Fewer Tax Collectors, Lower State Tax Collections
April 12, 2002
Despite a sharp drop in revenue that is forcing cuts in spending, state governments are reducing enforcement of their tax laws. As a result, billions of dollars in taxes are going unpaid.
- In South Carolina, cuts of more than 200 of the more than 500 jobs at the state tax agency have cost the state millions of dollars more in lost revenue than is being saved in salaries for auditors and tax collectors.
- In Iowa, Minnesota, Nebraska, Wisconsin and other states, auditors and tax collectors have been pulled off the hunt for tax cheats to do clerical work because of budget cuts.

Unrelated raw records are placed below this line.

Lemma Rcirc_height_ge1 I c : Rcirc c -> I c -> height_ge I 1.
Proof. by move=> Rc Ic P HP IP; apply: not_minimal_prime_height1 => // /Rc; apply; apply: IP. Qed.

Lemma height_ge1_Rcirc I : noetherian R -> is_ideal I -> height_ge I 1 ->
  exists c, I c /\ Rcirc c.
Proof.
move=> HN HI hI; have [L [Lmin Lcover]] := minimal_primes_finite HN.
have [c [Ic Lc]] : exists c, I c /\ forall P, List.In P L -> ~ P c.
  apply: prime_avoidance => // [P LP|P Q LP LQ QP].
    by have HP := Lmin P LP; split; [case: HP | exact: height_ge1_not_minimal].
  by case: (Lmin P LP) => _; apply=> //; case: (Lmin Q LQ).
exists c; split=> // M HM Mc; have [P LP MP] := Lcover M HM.
by apply: (Lc P LP); apply: MP.
Qed.

End Ideals.

Section FrobeniusModule.
Variables (R : comNzRingType) (p : nat) (G : lmodType R) (xop : G -> G).
Hypothesis frob : frob_module p xop.
Implicit Types (N M : G -> Prop) (b : R -> Prop) (g h : G) (r c : R).

Lemma xopD g h : xop (g + h) = xop g + xop h.
Proof. by case: frob. Qed.

Lemma xopZ r g : xop (r *: g) = r ^+ p *: xop g.
Proof. by case: frob. Qed.

Lemma xop0 : xop 0 = 0.
Proof. by apply: (addrI (xop 0)); rewrite -xopD !addr0. Qed.

Lemma xpowSr n g : xpow xop n (xop g) = xpow xop n.+1 g.
Proof. by rewrite /xpow iterSr. Qed.

Lemma xpow_add m n g : xpow xop m (xpow xop n g) = xpow xop (m + n) g.
Proof. by rewrite /xpow iterD. Qed.

Lemma xpowD n g h : xpow xop n (g + h) = xpow xop n g + xpow xop n h.
Proof. by elim: n => //= n IHn; rewrite IHn xopD. Qed.

Lemma xpow0 n : xpow xop n 0 = 0.
Proof. by elim: n => //= n IHn; rewrite IHn xop0. Qed.

Lemma xpowZ n r g : xpow xop n (r *: g) = r ^+ (p ^ n) *: xpow xop n g.
Proof.
elim: n => [|n IHn]; first by rewrite expn0 expr1.
by rewrite /= IHn xopZ -exprM expnSr.
Qed.

Definition ann N : R -> Prop := fun r => forall g, N g -> r *: g = 0.

Lemma ann_ideal N : is_ideal (ann N).
Proof.
split=> [g _|r1 r2 H1 H2 g Ng|r r1 H1 g Ng]; first exact: scale0r.
- by rewrite scalerDl H1 ?H2 ?addr0.
- by rewrite -scalerA H1 ?scaler0.
Qed.

Lemma rxf_submodule_xpow N n g : rxf_submodule xop N -> N g -> N (xpow xop n g).
Proof. by case=> _ _ _ NX Ng; elim: n => //= n; apply: NX. Qed.

Lemma rxf_submodule0 : rxf_submodule xop (fun g => g = 0).
Proof. by split=> // [g h -> ->|r g ->|g ->]; rewrite ?addr0 ?scaler0 ?xop0. Qed.

Definition rxf_add N M : G -> Prop := fun y => exists u v, [/\ N u, M v & y = u + v].

Lemma rxf_submodule_add N M :
  rxf_submodule xop N -> rxf_submodule xop M -> rxf_submodule xop (rxf_add N M).
Proof.
case=> N0 ND NZ NX [M0 MD MZ MX]; split.
- by exists 0, 0; rewrite addr0.
- move=> _ _ [u [v [Nu Mv ->]]] [u' [v' [Nu' Mv' ->]]].
  by exists (u + u'), (v + v'); rewrite addrACA; split; [apply: ND | apply: MD |].
- move=> r _ [u [v [Nu Mv ->]]].
  by exists (r *: u), (r *: v); rewrite scalerDr; split; [apply: NZ | apply: MZ |].
- move=> _ [u [v [Nu Mv ->]]].
  by exists (xop u), (xop v); rewrite xopD; split; [apply: NX | apply: MX |].
Qed.

Lemma ann_add N M r : rxf_submodule xop N -> rxf_submodule xop M ->
  ann (rxf_add N M) r <-> ann N r /\ ann M r.
Proof.
case=> N0 _ _ _ [M0 _ _ _]; split=> [H|[HN HM] _ [u [v [Nu Mv ->]]]].
  by split=> g Hg; apply: H; [exists g, 0 | exists 0, g]; rewrite ?addr0 ?add0r.
by rewrite scalerDr HN ?HM ?addr0.
Qed.

Definition rxf_span g : G -> Prop :=
  fun y => forall N, rxf_submodule xop N -> N g -> N y.

Lemma rxf_span_submodule g : rxf_submodule xop (rxf_span g).
Proof.
split=> [N [] //|y z Hy Hz N HN Ng|r y Hy N HN Ng|y Hy N HN Ng]; case: (HN) => _ ND NZ NX.
- by apply: ND; [apply: Hy | apply: Hz].
- by apply: NZ; apply: Hy.
- by apply: NX; apply: Hy.
Qed.

Lemma rxf_span_xpow g n : rxf_span g (xpow xop n g).
Proof. by move=> N HN Ng; apply: rxf_submodule_xpow. Qed.

Lemma rxf_submodule_killed c :
  rxf_submodule xop (fun y => forall n, c *: xpow xop n y = 0).
Proof.
split=> [n|y z Hy Hz n|r y Hy n|y Hy n].
- by rewrite xpow0 scaler0.
- by rewrite xpowD scalerDr Hy Hz addr0.
- by rewrite xpowZ scalerA mulrC -scalerA Hy scaler0.
- by rewrite xpowSr Hy.
Qed.

Lemma ann_span_eventually c k g : (forall n, (k <= n)%N -> c *: xpow xop n g = 0) ->
  ann (rxf_span (xpow xop k g)) c.
Proof.
move=> Hc y /(_ _ (rxf_submodule_killed c)) Hy; apply: (Hy _ 0%N) => n.
by rewrite xpow_add; apply: Hc; apply: leq_addl.
Qed.

Lemma G_specialP b : G_special xop b -> exists N, rxf_submodule xop N /\ eqid b (ann N).
Proof.
case=> _ [N [HN Hb]]; exists N; split=> // r.
by rewrite -(Hb 0%N r).
Qed.

Lemma G_special_eqid b b' : G_special xop b -> eqid b b' -> G_special xop b'.
Proof.
case=> Hb [N [HN bN]] bb'; split; first exact: ideal_eqid Hb bb'.
by exists N; split=> // n r; rewrite bN.
Qed.

Lemma ann_by_bRxfP b g : is_ideal b ->
  ann_by_bRxf xop b g <-> forall r n, b r -> r *: xpow xop n g = 0.
Proof.
move=> Hb; split=> [H r n br|H s Hs]; last first.
  by apply: big1 => i _; apply: H; apply: Hs.
set s := rcons (nseq n 0) r.
have s_coef i : s`_i = if i == n then r else 0.
  by rewrite nth_rcons size_nseq nth_nseq if_same; case: ltngtP.
have s_b i : (i < size s)%N -> b s`_i.
  by rewrite s_coef; case: eqP => _ _ //; apply: ideal0.
have := H s s_b; rewrite /skew_act size_rcons size_nseq big_ord_recr /= s_coef eqxx.
by rewrite big1 ?add0r // => i _; rewrite s_coef ltn_eqF ?scale0r.
Qed.

Hypotheses (p_gt0 : (0 < p)%N) (xtf : x_torsion_free xop).

Lemma xpow_eq0 n g : xpow xop n g = 0 -> g = 0.
Proof. by elim: n g => //= n IHn g /xtf /IHn. Qed.

Lemma grann_ann N : rxf_submodule xop N -> grann_is xop N (ann N).
Proof.
move=> HN n r; split=> [H g Ng|H g Ng]; last by apply: H; apply: rxf_submodule_xpow.
apply: (@xpow_eq0 n); rewrite xpowZ.
have : (0 < p ^ n)%N by rewrite expn_gt0 p_gt0.
by case: (p ^ n)%N => // k _; rewrite exprSr -scalerA H // scaler0.
Qed.

Lemma G_special_ann N : rxf_submodule xop N -> G_special xop (ann N).
Proof. by move=> HN; split; [apply: ann_ideal | exists N; split=> //; apply: grann_ann]. Qed.

Lemma G_special_whole : G_special xop (fun _ => True).
Proof.
apply: G_special_eqid (G_special_ann rxf_submodule0) _ => r.
by split=> // _ g ->; rewrite scaler0.
Qed.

- Cuts in enforcement of the tax laws primarily benefit cheats with higher incomes, especially investors in partnerships, because until recently partnership income had never been matched to each individual tax return.
- Last fall the Internal Revenue Service gave states detailed computer files on so-called K-1 income, which could be compared to state tax returns -- but states don't have the manpower to pursue those who fail to report the income.
Three-quarters of K-1 income (named for the tax form on which it is reported) flows to people who report a total income of $200,000 or more -- the richest 2 percent of Americans. According to one expert, former IRS official Jerry Curnutt, New York state alone could collect $2 billion in taxes for the years 1996 through 2000 just by pursuing the top 10 percent of K-1 tax cheats. Twelve other states could collect $1.5 billion, he said.